Hypoparathyroidism treatment
Therapy of hypoparathyroidism and prevention of seizures is carried out under the constant supervision of an endocrinologist. A diet rich in calcium, magnesium and poor in phosphorus (dairy products, vegetables, fruits) is prescribed. A sharp restriction or rejection of meat products is necessary during the period of exacerbation of hypoparathyroidism. It is important to take vitamin D2 (ergocalciferol) with food, which is contained in egg yolk, liver, fish oil.
With hypoparathyroidism, calcium preparations (calcium carbonate, calcium gluconate) are prescribed. To increase the absorption of calcium in the intestine, its simultaneous intake with ammonium chloride, gastric juice or diluted hydrochloric acid is mandatory. Compensation of the condition with hypoparathyroidism with calcium monotherapy does not allow to completely normalize its level in the blood, therefore vitamin D preparations (ergocalciferol, alfacalcidol, colecalciferol) are additionally used. Moderate physiotherapeutic ultraviolet irradiation or sunbathing is recommended for patients with chronic hypoparathyroidism to activate the production of vitamin D in their own body.
For the prevention of convulsive syndrome, anticonvulsants and sedatives (luminal, bromides) are prescribed; in the case of a hypocalcemic crisis, a solution of calcium gluconate is administered intravenously.
Forecast
Prognostic data for hypoparathyroidism are favorable. Treatment of hypoparathyroidism and prevention of seizures require constant monitoring by an endocrinologist. Monitoring is carried out in order to assess the compensation of the disease and correct the course of treatment 1 time every 3 months, once every six months an examination by an optometrist is necessary for the possible development of cataracts.
Prevention
In order to prevent hypoparathyroidism during surgical intervention on the thyroid gland, sparing surgical techniques are used in relation to the parathyroid glands. In order to avoid the development of hypoparathyroidism, patients with recurrent toxic goiter are recommended to undergo radiation therapy with radioactive iodine instead of surgery. It is important to prevent postoperative complications (adhesions, infiltrates) that can disrupt the blood supply to the parathyroid glands, as well as early detection of symptoms of increased neuromuscular excitability in patients after surgery on the thyroid gland and timely measures.

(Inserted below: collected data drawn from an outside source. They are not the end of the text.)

(* Let $E$ and $H$ be finite directed graphs and let $\xi^{0},\xi^{1}:H\to E$ be an embedding pair, with associated self-similar groupoid action $(G_{\xi},E)$. Then, on $E^{-\infty}$, the equivalence relation $\sim_{\xi}$ is equal to the asymptotic equivalence relation $\sim_{ae}$ of $(G_{\xi},E)$. Consequently $(\sigma_{\xi},\mathcal{J}_{\xi})=(\tilde{\sigma},\mathcal{J}_{G_{\xi},E})$.
   Context: A directed graph $E=(E^0,E^1,r,s)$ has vertices $E^0$, edges $E^1$, range and source maps $r,s:E^1\to E^0$. A finite path of length $n$ is $\mu=\mu_1\cdots\mu_n$ with $s(\mu_i)=r(\mu_{i+1})$; vertices are paths of length $0$; $E^*$ is the set of finite paths, $r(\mu)=r(\mu_1)$, $s(\mu)=s(\mu_n)$, and $vE^*$ denotes paths with range $v$. $E^{-\infty}$ is the set of left-infinite paths $\mu=\cdots\mu_{-2}\mu_{-1}$ (edges with $s(\mu_i)=r(\mu_{i+1})$), with the product topology, and the shift $\sigma:E^{-\infty}\to E^{-\infty}$ is $\sigma(\cdots\mu_{-3}\mu_{-2}\mu_{-1})=\cdots\mu_{-3}\mu_{-2}$. An embedding pair consists of two injective graph homomorphisms $\xi^0,\xi^1:H\to E$ with $\xi^0|_{H^0}=\xi^1|_{H^0}$ and $\xi^0(H^1)\cap\xi^1(H^1)=\emptyset$. Put $H^0_\xi=\xi^0(H^0)$ and $H^1_\xi=\xi^0(H^1)\cup\xi^1(H^1)$. The groupoid $\tilde G_\xi=\mathbb{Z}\times E^0$ is the group bundle where $(m,v),(n,w)$ are composable iff $v=w$, with $(m,v)(n,v)=(m+n,v)$, and domain = codomain = $v$. For $(m,v)$ and $e\in vE^1$ define: if $e\notin H^1_\xi$, $(m,v)\cdot e=e$ and $(m,v)|_e=(0,s(e))$; if $e=\xi^i(h)$ with $h\in H^1$, $i\in\{0,1\}$, write $m+i=2n+j$ with $j\in\{0,1\}$, $n\in\mathbb{Z}$, and set $(m,v)\cdot e=\xi^j(h)$, $(m,v)|_e=(n,s(e))$. This extends recursively to an action on finite paths by $g\cdot(e\nu)=(g\cdot e)(g|_e\cdot\nu)$ with $g|_{e\nu}=(g|_e)|_\nu$. $G_\xi$ is the quotient of $\tilde G_\xi$ by the elements acting trivially on $E^*$; it acts faithfully and self-similarly on $E^*$ (restrictions descend), giving the self-similar groupoid action $(G_\xi,E)$. Asymptotic equivalence: for $\mu,\nu\in E^{-\infty}$, $\mu\sim_{ae}\nu$ iff there are a finite set $F\subseteq G_\xi$ and $(g_n)_{n<0}\subseteq F$ with $d(g_n)=r(\mu_n)$ and $g_n\cdot\mu_n\cdots\mu_{-1}=\nu_n\cdots\nu_{-1}$ for all $n<0$. The limit space $\mathcal{J}_{G_\xi,E}=E^{-\infty}/\sim_{ae}$ (quotient topology) with $\tilde\sigma$ induced by $\sigma$. The relation $\sim_\xi$: $\mu\sim_\xi\nu$ iff $\mu=\nu$, or there are $n<0$, $i\in\{0,1\}$ and $(y_k)_{k\le n}\subseteq H^1$ with $\mu_k=\xi^i(y_k)$ and $\nu_k=\xi^{1-i}(y_k)$ for all $k\le n$, and one of: (1) $n=-1$; (2) $n<-1$, $\mu_j=\nu_j$ for all $j>n+1$, and there is $y_{n+1}\in H^1$ with $\mu_{n+1}=\xi^{1-i}(y_{n+1})$, $\nu_{n+1}=\xi^i(y_{n+1})$; (3) $n<-1$, $\mu_j=\nu_j$ for all $j\ge n+1$, and $\mu_{n+1}=\nu_{n+1}\notin H^1_\xi$. $\mathcal{J}_\xi=E^{-\infty}/\sim_\xi$ with $\sigma_\xi$ induced by $\sigma$. *)

From mathcomp Require Import all_boot all_order all_algebra.
Set Implicit Arguments. Unset Strict Implicit. Unset Printing Implicit Defensive.
Import GRing.Theory Num.Theory.

(* A finite path mu_1 ... mu_n is a sequence [:: mu_1; ...; mu_n] with
   sE mu_i = rE mu_(i+1); its range is rE mu_1.
   A left-infinite path ... mu_(-2) mu_(-1) is a function mu : nat -> E with
   mu k = mu_(-(k+1)); the path condition s(mu_(-(k+2))) = r(mu_(-(k+1))) is
   sE (mu k.+1) = rE (mu k). *)

Section SelfSimilar.
Variables (V E HV HE : finType).
Variables (rE sE : E -> V) (rH sH : HE -> HV).
Variables (x0v x1v : HV -> V) (x0e x1e : HE -> E).

Definition graph_emb (xv : HV -> V) (xe : HE -> E) : Prop :=
  [/\ injective xv, injective xe,
      forall h, rE (xe h) = xv (rH h) & forall h, sE (xe h) = xv (sH h)].

Definition embedding_pair : Prop :=
  [/\ graph_emb x0v x0e, graph_emb x1v x1e,
      (forall v, x0v v = x1v v) & forall h h', x0e h <> x1e h'].

Definition xie (i : bool) : HE -> E := if i then x1e else x0e.

Definition inH1 (e : E) : bool := [exists h, (x0e h == e) || (x1e h == e)].

(* For g = (m, r e) in tilde G_xi and the edge e: returns (g.e, integer part of g|_e);
   the vertex part of g|_e is always s(e). *)
Definition act_edge_from (m : int) (i : bool) (h : HE) : E * int :=
  let k := (m + (i : int))%R in
  (xie ((k %% 2)%Z != 0%R) h, (k %/ 2)%Z).

Definition act_edge (m : int) (e : E) : E * int :=
  match [pick h | x0e h == e] with
  | Some h => act_edge_from m false h
  | None =>
    match [pick h | x1e h == e] with
    | Some h => act_edge_from m true h
    | None => (e, 0%R)
    end
  end.

(* action of (m, r(p)) on a finite path p, via g.(e nu) = (g.e)(g|_e . nu) *)
Fixpoint act (m : int) (p : seq E) : seq E :=
  match p with
  | [::] => [::]
  | e :: p' => let: (e', n) := act_edge m e in e' :: act n p'
  end.

Definition fpath (v : V) (p : seq E) : bool :=
  match p with
  | [::] => true
  | e :: p' => (rE e == v) && path (fun a b => sE a == rE b) e p'
  end.

(* The groupoid G_xi is the quotient of tilde G_xi = Z x E^0 by the elements
   acting trivially on E^*; two elements of tilde G_xi have the same image in
   G_xi iff they have the same unit and act identically on paths. *)
Definition Gxi_eq (g g' : int * V) : Prop :=
  g.2 = g'.2 /\ forall p, fpath g.2 p -> act g.1 p = act g'.1 p.

Definition linf (mu : nat -> E) : Prop := forall k, sE (mu k.+1) = rE (mu k).

(* the finite tail mu_(-(k+1)) ... mu_(-1) *)
Definition tail (mu : nat -> E) (k : nat) : seq E := rev (mkseq mu k.+1).

(* asymptotic equivalence: a finite set F of G_xi (given by a finite list of
   representatives in tilde G_xi) and g_n (n = -(k+1)) with values in F. *)
Definition ae_equiv (mu nu : nat -> E) : Prop :=
  exists (F : seq (int * V)) (g : nat -> int * V),
    forall k,
      [/\ exists2 h, h \in F & Gxi_eq h (g k),
          (g k).2 = rE (mu k) &
          act (g k).1 (tail mu k) = tail nu k].

(* the relation ~_xi ; n = -(k+1), index j <= n  <-> j' >= k *)
Definition xi_rel (mu nu : nat -> E) : Prop :=
  mu = nu \/
  exists (k : nat) (i : bool) (y : nat -> HE),
    (forall j, k <= j -> mu j = xie i (y j) /\ nu j = xie (~~ i) (y j)) /\
    [\/ k = 0,
        0 < k /\ (forall j, j < k.-1 -> mu j = nu j) /\
          (exists y1, mu k.-1 = xie (~~ i) y1 /\ nu k.-1 = xie i y1)
      | 0 < k /\ (forall j, j <= k.-1 -> mu j = nu j) /\ ~~ inH1 (mu k.-1)].

End SelfSimilar.

From Pilot Require Import Defs.
From mathcomp Require Import all_boot all_order all_algebra zify.
From Stdlib Require Import Classical_Prop FunctionalExtensionality.
Set Implicit Arguments. Unset Strict Implicit. Unset Printing Implicit Defensive.

(* The element (1, v) of G_xi acts as an odometer: it swaps xi^0(h) and
   xi^1(h) and carries (restricts to a non-unit) only through xi^1(h), while
   (-1, v) carries only through xi^0(h).  On an H-edge, (m, v) restricts to
   ((m + i) div 2, s(e)), so after finitely many edges every element of a
   finite set has become (-1), (0) or (1): mu ~ae nu iff every tail of nu is
   the image of the tail of mu under one of these three.  Following the carry
   of (+-1) from the left down to the first index where mu and nu differ, it
   runs through a left-infinite block of swapped H-edges and then either never
   stops, stops on a swapped edge, or is absorbed by an edge outside H^1_xi:
   the three cases of ~xi. *)

Section OdometerAction.
Variables (V E HE : finType) (rE sE : E -> V) (x0e x1e : HE -> E).
Hypotheses (x0e_inj : injective x0e) (x1e_inj : injective x1e).
Hypothesis x0e_x1e_disj : forall h h', x0e h <> x1e h'.

Local Notation xie := (xie x0e x1e).
Local Notation inH1 := (inH1 x0e x1e).
Local Notation act_edge := (act_edge x0e x1e).
Local Notation act := (act x0e x1e).

Lemma xie_inj b h b' h' : xie b h = xie b' h' -> b = b' /\ h = h'.
Proof.
case: b; case: b' => /= eq_e.
- by split; last exact: x1e_inj.
- by case: (x0e_x1e_disj (esym eq_e)).
- by case: (x0e_x1e_disj eq_e).
- by split; last exact: x0e_inj.
Qed.

Variant edge_spec (e : E) : Prop :=
  | EdgeOutside of ~~ inH1 e
  | EdgeInside b h of e = xie b h.

Lemma edgeP e : edge_spec e.
Proof.
have [/existsP [h /orP [] /eqP <-]|] := boolP (inH1 e); last exact: EdgeOutside.
- exact: (@EdgeInside _ false h).
- exact: (@EdgeInside _ true h).
Qed.

Lemma act_edge_xie m b h : act_edge m (xie b h) = act_edge_from x0e x1e m b h.
Proof.
rewrite /Defs.act_edge; case: b => /=.
- case: pickP => [h' /eqP eq_e|_]; first by case: (x0e_x1e_disj eq_e).
  by case: pickP => [h' /eqP /x1e_inj -> //|/(_ h)]; rewrite eqxx.
- by case: pickP => [h' /eqP /x0e_inj -> //|/(_ h)]; rewrite eqxx.
Qed.

Lemma act_edge_outside m e : ~~ inH1 e -> act_edge m e = (e, 0%R).
Proof.
move=> /existsPn e_out; rewrite /Defs.act_edge.
case: pickP => [h /= x0e_h|_]; first by move: (e_out h); rewrite x0e_h.
by case: pickP => [h /= x1e_h|_] //; move: (e_out h); rewrite x1e_h orbT.
Qed.

Lemma act_edge0 e : act_edge 0 e = (e, 0%R).
Proof.
by case: (edgeP e) => [/act_edge_outside -> //|[] h ->]; rewrite act_edge_xie.
Qed.

Lemma act_edge_restr_bound m e :
  absz (act_edge m e).2 <= maxn 1 (absz m).-1.
Proof.
case: (edgeP e) => [/act_edge_outside -> /=|b h ->]; first by lia.
by rewrite act_edge_xie /act_edge_from; case: b => /=; lia.
Qed.

Lemma act_cons m e p :
  act m (e :: p) = (act_edge m e).1 :: act (act_edge m e).2 p.
Proof. by rewrite /=; case: (act_edge m e). Qed.

Lemma act0 p : act 0 p = p.
Proof. by elim: p => [//|e p IHp]; rewrite act_cons act_edge0 /= IHp. Qed.

Definition sign (i : bool) : int := if i then 1%R else (-1)%R.

Lemma sign_of_small (r : int) : absz r <= 1 -> r != 0%R -> exists i, r = sign i.
Proof.
move=> r_le1 r_neq0; have [->|->] : r = 1%R \/ r = (-1)%R by lia.
- by exists true.
- by exists false.
Qed.

Lemma act_edge_sign_xie i b h :
  act_edge (sign i) (xie b h) = (xie (~~ b) h, if b == i then sign i else 0%R).
Proof. by rewrite act_edge_xie; case: i; case: b. Qed.

Lemma act_edge_sign_carry i e :
  (act_edge (sign i) e).2 != 0%R -> exists h, e = xie i h.
Proof.
case: (edgeP e) => [/act_edge_outside -> //|b h ->].
rewrite act_edge_sign_xie /=; case: (eqVneq b i) => [-> _|_]; first by exists h.
by rewrite eqxx.
Qed.

Local Notation tail := Defs.tail.

Lemma tailS (mu : nat -> E) j : tail mu j.+1 = mu j.+1 :: tail mu j.
Proof. by rewrite /Defs.tail mkseqS rev_rcons. Qed.

Lemma tail_cons (mu : nat -> E) j :
  tail mu j = mu j :: (if j is j'.+1 then tail mu j' else [::]).
Proof. by case: j => [|j] //; rewrite tailS. Qed.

To prevent convulsive syndrome and the development of an acute hypocalcemic crisis in hypoparathyroidism, it is necessary to exclude provoking factors, prevent intoxication and infections. Patients with hypoparathyroidism should follow a diet: it should be enriched with calcium and limited to phosphorus, it is necessary to completely abandon meat products, as they cause the development of tetany. In hypoparathyroidism, dispensary monitoring of the content of Ca and P in the blood is carried out.